Пока Бошняк размышлял столь романтически и ждал, что, быть может, Екатерина Ивановна выйдет на палубу, ее жестоко рвало. В каюте был тяжелый воздух. Дуня то и дело подавала тазик и затирала пол.
Невельской поднялся на палубу очень озабоченный. Положение жены, которая, едва началась качка, опять заболела, очень тревожило его. Она, видимо, совершенно не переносила море. Но что же будет дальше! Все средства, какие капитан знал, он пустил в ход, но ей не легче. Невельской думал о ней, только о ней, и все вокруг казалось ему укором, что он смалодушничал и согласился взять жену. Но уж теперь выход один — поддерживать в ней мужество всеми возможными средствами. Если же ничто не поможет, то на крайний случай — оставить ее в Аяне.
«Слава богу, что со мной Бошняк. Он настоящий офицер, прекрасно держится в любом положении. Недаром его рекомендовали известные моряки — он привез их письма, но не хотел показывать…»
Ветер ударил снова.
— На фалы!
Бошняк убрал часть парусов. Налетел шквал.

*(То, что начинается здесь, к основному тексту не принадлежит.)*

Lemma pr_C3_C4_bound m (t : rel 'I_m) : is_tournament t -> (5 <= m)%nat ->
  40 * pr C3 t <= 32 * pr C4 t + 1 + 192 / INR m.
Proof.
move=> Ht m_ge5.
have bin3 : (m * m ^_ 3 = m * ('C(m, 3) * 6))%nat by rewrite -bin_ffact.
have bin4 : (4 * 'C(m, 4) <= m * 'C(m, 3))%nat.
  by rewrite (mul_bin_left m 3) leq_mul2r leq_subr orbT.
have INR_pos n : (0 < n)%nat -> 0 < INR n by move/ltP; apply: lt_0_INR.
have lit n : INR n = IZR (Z.of_nat n) := INR_IZR_INZ n.
have := copies_C3_C4_bound Ht m_ge5; rewrite bin3 => /INR_leq.
rewrite !(INR_addn, INR_muln) (lit 240%nat) (lit 1152%nat) (lit 768%nat) (lit 6%nat) /= => bound.
apply: density_bound => //.
- by apply: INR_pos; lia.
- by apply: INR_pos; rewrite bin_gt0; lia.
- by apply: INR_pos; rewrite bin_gt0; lia.
- exact: pos_INR.
- exact/INR_leq/ncopies_le_bin.
- by move/INR_leq: bin4; rewrite !INR_muln (lit 4%nat).
Qed.

Lemma Un_cv_const (c : R) : Un_cv (fun=> c) c.
Proof. by move=> e e_gt0; exists 0%nat => n _; rewrite /R_dist Rminus_eq_0 Rabs_R0. Qed.

Lemma Un_cv_le_eventually (u v : nat -> R) l1 l2 N :
  (forall n, (N <= n)%coq_nat -> u n <= v n) -> Un_cv u l1 -> Un_cv v l2 -> l1 <= l2.
Proof.
move=> le_uv cv_u cv_v.
apply: (@Rle_cv_lim (fun n => u (n + N)%coq_nat) (fun n => v (n + N)%coq_nat)).
- by move=> n; apply: le_uv; lia.
- exact: CV_shift'.
- exact: CV_shift'.
Qed.

Lemma Un_cv_inv_INR (m : nat -> nat) :
  (forall M, exists N, forall n, (N <= n)%coq_nat -> (M <= m n)%coq_nat) ->
  Un_cv (fun n => / INR (m n)) 0.
Proof.
move=> m_unbounded; apply: cv_infty_cv_0 => M.
have [k k_gt] := INR_unbounded M; have [N m_ge] := m_unbounded k.
by exists N => n /m_ge /le_INR; lra.
Qed.

Theorem corollary2p6
  (m : nat -> nat) (T : forall n : nat, rel 'I_(m n)) (c3 c4 : R) :
  (forall n, is_tournament (T n)) ->
  (forall M : nat, exists N : nat, forall n : nat, (N <= n)%coq_nat -> (M <= m n)%coq_nat) ->
  Un_cv (fun n => pr C3 (T n)) c3 ->
  Un_cv (fun n => pr C4 (T n)) c4 ->
  (1 / 16 <= c3)%R ->
  (3 / 64 <= c4)%R.
Proof.
move=> T_tour m_unbounded cv3 cv4 c3_ge.
suff : 40 * c3 <= 32 * c4 + 1 + 192 * 0 by lra.
have [N m_ge5] := m_unbounded 5%nat.
apply: (@Un_cv_le_eventually (fun n => 40 * pr C3 (T n))
  (fun n => 32 * pr C4 (T n) + 1 + 192 / INR (m n)) _ _ N).
- by move=> n /m_ge5 /leP; apply: pr_C3_C4_bound.
- exact: CV_mult (Un_cv_const 40) cv3.
- apply: CV_plus; first apply: CV_plus; first apply: CV_mult.
  + exact: Un_cv_const.
  + exact: cv4.
  + exact: Un_cv_const.
  + apply: CV_mult; [exact: Un_cv_const | exact: Un_cv_inv_INR].
Qed.
Definition real_analytic_on (I : set R) (f : R -> R) : Prop :=
  forall t0, I t0 -> exists r : R, 0 < r /\ exists a : nat -> R,
    forall t, `|t - t0| < r ->
      (fun N : nat => \sum_(0 <= n < N) a n * (t - t0) ^+ n) @ \oo --> f t.

Definition time_analytic (mu : V -> R -> V -> R) : Prop :=
  forall x y : V, exists delta : R, 0 < delta /\ exists f : R -> R,
    real_analytic_on [set t | - delta < t < 1 + delta] f /\
    forall eps : R, 0 <= eps <= 1 -> f eps = mu x eps y.

Definition is_coupling (m n : V -> R) (p : V -> V -> R) : Prop :=
  (forall a b, 0 <= p a b) /\
  (forall a, \esum_(b in [set: V]) (p a b)%:E = (m a)%:E) /\
  (forall b, \esum_(a in [set: V]) (p a b)%:E = (n b)%:E).

Definition transport_cost (d : V -> V -> R) (p : V -> V -> R) : \bar R :=
  \esum_(ab in [set: V * V]) (d ab.1 ab.2 * p ab.1 ab.2)%:E.

Definition W1 (d : V -> V -> R) (m n : V -> R) : \bar R :=
  ereal_inf [set transport_cost d p | p in [set p | is_coupling m n p]].

(* Ollivier-Ricci curvature Ric_eps(x,y) = 1 - W1(mu_x^eps, mu_y^eps)/d(x,y)
   (W1 is finite for measures with finite first moments) *)
Definition ORic_eps (d : V -> V -> R) (mu : V -> R -> V -> R) (eps : R)
    (x y : V) : R :=
  1 - fine (W1 d (mu x eps) (mu y eps)) / d x y.

End Defs.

Капитан принял команду. Голос Невельского зазвучал в рупор.
Ночь, бегающие люди, фонари, хлопающие паруса, водяная пыль, мокрая одежда…
Бошняк всюду успевает. Он уже не думает ни о себе, ни о Лермонтове. На судне аврал, топот ног по трапам, работа на реях, со смертельной опасностью, но в ушах против воли все время звучит и звучит:
Играют волны, ветер свищет…Увы, — он счастия не ищет…
Ему казалось, что он простился со всем старым миром и туда больше не вернется…
Шквал ушел… Немного покачивает.
Дуня прибежала на палубу и сказала, что Екатерине Ивановне совсем плохо.
Невельской сбежал вниз.
Катя сказала слабо:
— Геннадий, ты нужнее там.
Она слыхала про железные законы морской жизни и согласна была подчинить им себя совершенно. Ей стыдно было своей слабости, стыдно, что муж видит ее в такой немощи, такую растрепанную.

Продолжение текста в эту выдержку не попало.